Gitme Züleyha dedim;
adımların uçuruma gidiyor dedim
d i n l e t e m e d i m ...
Aşk kör bir ressam
istediğin resmi çizemez dedim,
yara alırsın sen aldırma yazılan şiirlere dedim,
d i n l e t e m e d i m ...
Hepsi heves dedim,
geçer dedim,
din-le-te-me-dim ...
Şimdi sesini gizleyen
yüzünü gizleyen
halâ hamsın biraz daha yan diyen
bir sevgilinin kimliği içindeki.
Sonra bir temmuz akşamıydı.
Tamam bitsin dedim
artık içini yollara dökme
sevgini isteyen şimdi ağlatıyor seni dedim
d i n l e t e m e d i m ...
Sen yine gittin!
Dönmek nedir bilmedin!
Sızılara yükledin gülümseyişleri
oysa umuda yaslanmış bir yürektin
oysa sen bir başınalığın temsiliydin!
Şimdi iki kişilik yalnız bir sestesin!
Zifiri bir sevda bu!
Haybeden bir düş!
Bu yüzden yüreği yamalı gecelere gizlisin
hangi bütünü seçsen
yaması geliyor eline
ve şimdi dinlemediğin kimliğin ismindesin...

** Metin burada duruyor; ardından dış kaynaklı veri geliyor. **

Lemma lift_two_arcs (M tau : int) (c : 'I_2 -> int) :
    0 <= tau -> 4 * tau < M -> (forall l, 0 <= c l < M) ->
  exists w (j : 'I_2 -> int), 0 <= w <= 2 * M /\
    forall l, w <= c l + j l * M - tau /\ c l + j l * M + tau < w + M.
Proof.
move=> tau_ge0 tau_small c_range.
have l_cases (l : 'I_2) : l = ord0 \/ l = ord_max.
  by case: l => -[|[|//]] ?; [left | right]; apply: val_inj.
have := c_range ord0; have := c_range ord_max.
(* If the two arcs wrap around 0, the lower one is lifted by 2M instead of M. *)
have [c01|c10] := lerP (c ord0) (c ord_max).
  have [near|far] := ltrP (c ord_max - c ord0 + 2 * tau) M.
    exists (c ord0 - tau + M), (fun _ => 1); split=> [|l]; first lia.
    by case: (l_cases l) => ->; lia.
  exists (c ord_max - tau + M), (fun l => if val l == 0%N then 2 else 1).
  split=> [|l]; first lia.
  by case: (l_cases l) => -> /=; lia.
have [near|far] := ltrP (c ord0 - c ord_max + 2 * tau) M.
  exists (c ord_max - tau + M), (fun _ => 1); split=> [|l]; first lia.
  by case: (l_cases l) => ->; lia.
exists (c ord0 - tau + M), (fun l => if val l == 0%N then 1 else 2).
split=> [|l]; first lia.
by case: (l_cases l) => -> /=; lia.
Qed.

Section Residues.

Variables (K M : nat) (m : 'I_K -> nat) (N : 'I_2 -> nat) (Delta : 'I_2 -> 'I_K -> int).
Hypotheses (K_gt0 : (0 < K)%N) (M_gt0 : (0 < M)%N).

Gizlerin vuruluyor tan yerine savaş açmış zamanların eliyle
onca anıyı nereye sığdıracaksın şimdi
varıyorsa dilin susma Züleyha söyle .!
Söyle kaçıncı matemden kalma renklerin
hangi determinist sözcükleri söylüyor dilin ?
Git Züleyha.!
Git bir daha...!
(Ne beni dinledin ne ağzını açıp tek söz söyledin!)
5.0
100% (2)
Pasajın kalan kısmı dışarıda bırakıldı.